[Records provided]

(* The functor $\partial\mathrm{Gelf}\colon\mathsf{C^*}^{\mathrm{op}}\to\mathsf{Set}$, together with the identity natural transformation $\partial\mathrm{Gelf}|_{\mathsf{CommC^*}^{\mathrm{op}}}\to\operatorname{Gelf}$, is the right Kan extension of $\operatorname{Gelf}\colon\mathsf{CommC^*}^{\mathrm{op}}\to\mathsf{Set}$ along the inclusion $\mathsf{CommC^*}^{\mathrm{op}}\subseteq\mathsf{C^*}^{\mathrm{op}}$: for every functor $F\colon\mathsf{C^*}^{\mathrm{op}}\to\mathsf{Set}$ and natural transformation $\eta\colon F|_{\mathsf{CommC^*}^{\mathrm{op}}}\to\operatorname{Gelf}$ there is a unique natural transformation $\delta\colon F\to\partial\mathrm{Gelf}$ whose restriction to $\mathsf{CommC^*}^{\mathrm{op}}$ is $\eta$. In particular, $\partial\mathrm{Gelf}$ is a terminal object of the category $r^{-1}(\operatorname{Gelf})$.
   Context: $\mathsf{C^*}$ is the category of unital $C^*$-algebras with identity-preserving $*$-homomorphisms, and $\mathsf{CommC^*}$ its full subcategory of commutative ones. $\operatorname{Gelf}(A)$ is the set of maximal ideals of a commutative unital $C^*$-algebra $A$, with $\operatorname{Gelf}(f)(M)=f^{-1}(M)$. For a unital $C^*$-algebra $A$, let $N(A)=\{a\in A: aa^*=a^*a\}$. A partial maximal ideal of $A$ is a subset $I\subseteq N(A)$ such that for every commutative $C^*$-subalgebra $C\subseteq A$ (closed, $*$-invariant, containing $1$), $I\cap C$ is a maximal ideal of $C$. $\partial\mathrm{Gelf}(A)$ is the set of partial maximal ideals of $A$, and for a morphism $f\colon A\to B$, $\partial\mathrm{Gelf}(f)(M)=f^{-1}(M)\cap N(A)$; on commutative algebras $\partial\mathrm{Gelf}=\operatorname{Gelf}$. The category $r^{-1}(\operatorname{Gelf})$ has objects pairs $(F,\phi)$ with $F\colon\mathsf{C^*}^{\mathrm{op}}\to\mathsf{Set}$ and $\phi\colon F|_{\mathsf{CommC^*}^{\mathrm{op}}}\to\operatorname{Gelf}$ a natural isomorphism; morphisms $(F,\phi)\to(F',\phi')$ are natural transformations $\psi\colon F\to F'$ with $\phi'\circ\psi|_{\mathsf{CommC^*}^{\mathrm{op}}}=\phi$. *)

From HB Require Import structures.
From mathcomp Require Import all_boot all_order all_algebra complex.
From mathcomp Require Import boolp classical_sets reals.
Set Implicit Arguments. Unset Strict Implicit. Unset Printing Implicit Defensive.
Import Order.TTheory GRing.Theory Num.Theory.
Local Open Scope ring_scope.
Local Open Scope classical_set_scope.

(* The zero algebra (1 = 0) is allowed, as in the category C*.                *)
Record cstar (R : realType) := CStar {
  car :> lmodType R[i];
  cmul : car -> car -> car;
  cone : car;
  cinv : car -> car;             (* the involution x |-> x^* *)
  cnorm : car -> R;
  cmulA : forall x y z, cmul x (cmul y z) = cmul (cmul x y) z;
  cmul1l : forall x, cmul cone x = x;
  cmul1r : forall x, cmul x cone = x;
  cmulDl : forall x y z, cmul (x + y) z = cmul x z + cmul y z;
  cmulDr : forall x y z, cmul x (y + z) = cmul x y + cmul x z;
  cmulZl : forall (c : R[i]) x y, cmul (c *: x) y = c *: cmul x y;
  cmulZr : forall (c : R[i]) x y, cmul x (c *: y) = c *: cmul x y;
  cinvD : forall x y, cinv (x + y) = cinv x + cinv y;
  cinvZ : forall (c : R[i]) x, cinv (c *: x) = c^* *: cinv x;
  cinvK : forall x, cinv (cinv x) = x;
  cinvM : forall x y, cinv (cmul x y) = cmul (cinv y) (cinv x);
  cnorm_eq0 : forall x, cnorm x = 0 -> x = 0;
  cnormD : forall x y, cnorm (x + y) <= cnorm x + cnorm y;
  cnormZ : forall (c : R[i]) x, cnorm (c *: x) = Normc.normc c * cnorm x;
  cnormM : forall x y, cnorm (cmul x y) <= cnorm x * cnorm y;
  cnorm_cstar : forall x, cnorm (cmul (cinv x) x) = cnorm x ^+ 2;
  ccomplete : forall u : nat -> car,
    (forall e : R, 0 < e -> exists N, forall m n, (N <= m)%N -> (N <= n)%N ->
        cnorm (u m - u n) < e) ->
    exists l, forall e : R, 0 < e -> exists N, forall n, (N <= n)%N ->
        cnorm (u n - l) < e
}.

Section CStarDefs.
Context {R : realType}.

Definition is_chom (A B : cstar R) (f : A -> B) : Prop :=
  [/\ (forall x y, f (x + y) = f x + f y),
      (forall (c : R[i]) x, f (c *: x) = c *: f x),
      (forall x y, f (cmul x y) = cmul (f x) (f y)),
      f (cone A) = cone B &
      (forall x, f (cinv x) = cinv (f x))].

Definition chom (A B : cstar R) := {f : A -> B | is_chom f}.

Definition chom_fun (A B : cstar R) (f : chom A B) : A -> B := proj1_sig f.

Lemma is_chom_id (A : cstar R) : is_chom (@id A).
Proof. by split. Qed.

Definition chom_id (A : cstar R) : chom A A := exist _ (@id A) (is_chom_id A).

Lemma is_chom_comp (A B C : cstar R) (g : chom B C) (f : chom A B) :
  is_chom (chom_fun g \o chom_fun f).
Proof.
case: g => g [g1 g2 g3 g4 g5]; case: f => f [f1 f2 f3 f4 f5]; split => /=.
- by move=> x y; rewrite f1 g1.
- by move=> c x; rewrite f2 g2.
- by move=> x y; rewrite f3 g3.
- by rewrite f4 g4.
- by move=> x; rewrite f5 g5.
Qed.

Definition chom_comp (A B C : cstar R) (g : chom B C) (f : chom A B) : chom A C :=
  exist _ (chom_fun g \o chom_fun f) (is_chom_comp g f).

Definition ccommutative (A : cstar R) : Prop := forall x y : A, cmul x y = cmul y x.

Definition normal_elts (A : cstar R) : set A :=
  [set a | cmul a (cinv a) = cmul (cinv a) a].

Definition comm_subalg (A : cstar R) (C : set A) : Prop :=
  C (cone A) /\
  (forall x y, C x -> C y -> C (x + y)) /\
  (forall (c : R[i]) x, C x -> C (c *: x)) /\
  (forall x y, C x -> C y -> C (cmul x y)) /\
  (forall x, C x -> C (cinv x)) /\
  (forall (u : nat -> A) l, (forall n, C (u n)) ->
     (forall e : R, 0 < e -> exists N, forall n, (N <= n)%N -> cnorm (u n - l) < e) ->
     C l) /\
  (forall x y, C x -> C y -> cmul x y = cmul y x).

Definition is_ideal_of (A : cstar R) (C : set A) (I : set A) : Prop :=
  [/\ I `<=` C, I 0,
      (forall x y, I x -> I y -> I (x - y)),
      (forall c x, C c -> I x -> I (cmul c x)) &
      (forall c x, C c -> I x -> I (cmul x c))].

Definition is_max_ideal_of (A : cstar R) (C : set A) (M : set A) : Prop :=
  [/\ is_ideal_of C M, M <> C &
      (forall J, is_ideal_of C J -> M `<=` J -> J = M \/ J = C)].

Definition is_max_ideal (A : cstar R) (M : set A) : Prop :=
  is_max_ideal_of [set: A] M.

Definition is_partial_max_ideal (A : cstar R) (I : set A) : Prop :=
  I `<=` @normal_elts A /\
  forall C : set A, comm_subalg C -> is_max_ideal_of C (I `&` C).

Record cfunctor := CFunctor {
  Fobj : cstar R -> Type;
  Fmap : forall A B : cstar R, chom A B -> Fobj B -> Fobj A;
  Fmap_id : forall (A : cstar R) (x : Fobj A), Fmap (chom_id A) x = x;
  Fmap_comp : forall (A B C : cstar R) (f : chom A B) (g : chom B C) (x : Fobj C),
      Fmap (chom_comp g f) x = Fmap f (Fmap g x)
}.

Definition nat_to_Gelf (F : cfunctor)
    (eta : forall A : cstar R, ccommutative A -> Fobj F A -> {M : set A | is_max_ideal M})
    : Prop :=
  forall (A B : cstar R) (hA : ccommutative A) (hB : ccommutative B)
         (f : chom A B) (y : Fobj F B),
    proj1_sig (eta A hA (Fmap f y)) = chom_fun f @^-1` proj1_sig (eta B hB y).

(* natural transformations F -> dGelf, where
   dGelf(f)(M) = f^{-1}(M) intersected with N(A) *)
Definition nat_to_dGelf (F : cfunctor)
    (delta : forall A : cstar R, Fobj F A -> {I : set A | is_partial_max_ideal I})
    : Prop :=
  forall (A B : cstar R) (f : chom A B) (y : Fobj F B),
    proj1_sig (delta A (Fmap f y)) =
      (chom_fun f @^-1` proj1_sig (delta B y)) `&` @normal_elts A.

End CStarDefs.

From HB Require Import structures.
From mathcomp Require Import all_boot all_order all_algebra complex.
From mathcomp Require Import boolp classical_sets reals.
From mathcomp Require Import lra.
Set Implicit Arguments. Unset Strict Implicit. Unset Printing Implicit Defensive.
Import Order.TTheory GRing.Theory Num.Theory.
Local Open Scope ring_scope.
Local Open Scope classical_set_scope.

(* A partial maximal ideal of A is determined by its traces on the commutative
   C*-subalgebras C of A, since every normal element lies in one (the closure
   of the *-algebra it generates).  Naturality along the inclusion C -> A
   forces the trace of delta_A(x) on C to be the maximal ideal
   eta_C(F(C -> A) x), so delta is unique.  Conversely, naturality of eta
   along C ∩ D -> C and C ∩ D -> D makes these maximal ideals agree on
   overlaps, so their union is a partial maximal ideal; naturality of this
   delta along f : A -> B reduces to naturality of eta along the restriction
   of f from C to the closure of f(C), again a commutative C*-subalgebra. *)

Section Arithmetic.
Context {R : realType} (A : cstar R).
Implicit Types x y z : A.

Lemma normc_ge0 (c : R[i]) : 0 <= Normc.normc c.
Proof. by case: c => a b; rewrite /Normc.normc sqrtr_ge0. Qed.

Lemma cnorm0 : cnorm (0 : A) = 0.
Proof. by rewrite -(scale0r (0 : A)) cnormZ Normc.normc0 mul0r. Qed.

Lemma cnormN x : cnorm (- x) = cnorm x.
Proof. by rewrite -scaleN1r cnormZ normcN Normc.normc1 mul1r. Qed.

Lemma cnorm_ge0 x : 0 <= cnorm x.
Proof. by have := cnormD x (- x); rewrite subrr cnorm0 cnormN => h; lra. Qed.

Lemma cnorm_tri x y z : cnorm (x - z) <= cnorm (x - y) + cnorm (y - z).
Proof.
have -> : x - z = (x - y) + (y - z) by rewrite addrA subrK.
exact: cnormD.
Qed.

Lemma eq0_cnorm_small x : (forall e : R, 0 < e -> cnorm x < e) -> x = 0.
Proof.
move=> small; apply: cnorm_eq0; apply/le_anti; rewrite cnorm_ge0 andbT.
by rewrite leNgt; apply/negP => /small; rewrite ltxx.
Qed.

Lemma cinv0 : cinv (0 : A) = 0.
Proof. by apply: (@addrI _ (cinv (0 : A))); rewrite -cinvD !addr0. Qed.

Lemma cinvN x : cinv (- x) = - cinv x.
Proof. by apply/eqP; rewrite -subr_eq0 opprK -cinvD addNr cinv0. Qed.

[How to complete this task]
Copy, from the lines above, each one that holds "split".

[Solution to this task]
Proof. by split. Qed.
case: g => g [g1 g2 g3 g4 g5]; case: f => f [f1 f2 f3 f4 f5]; split => /=.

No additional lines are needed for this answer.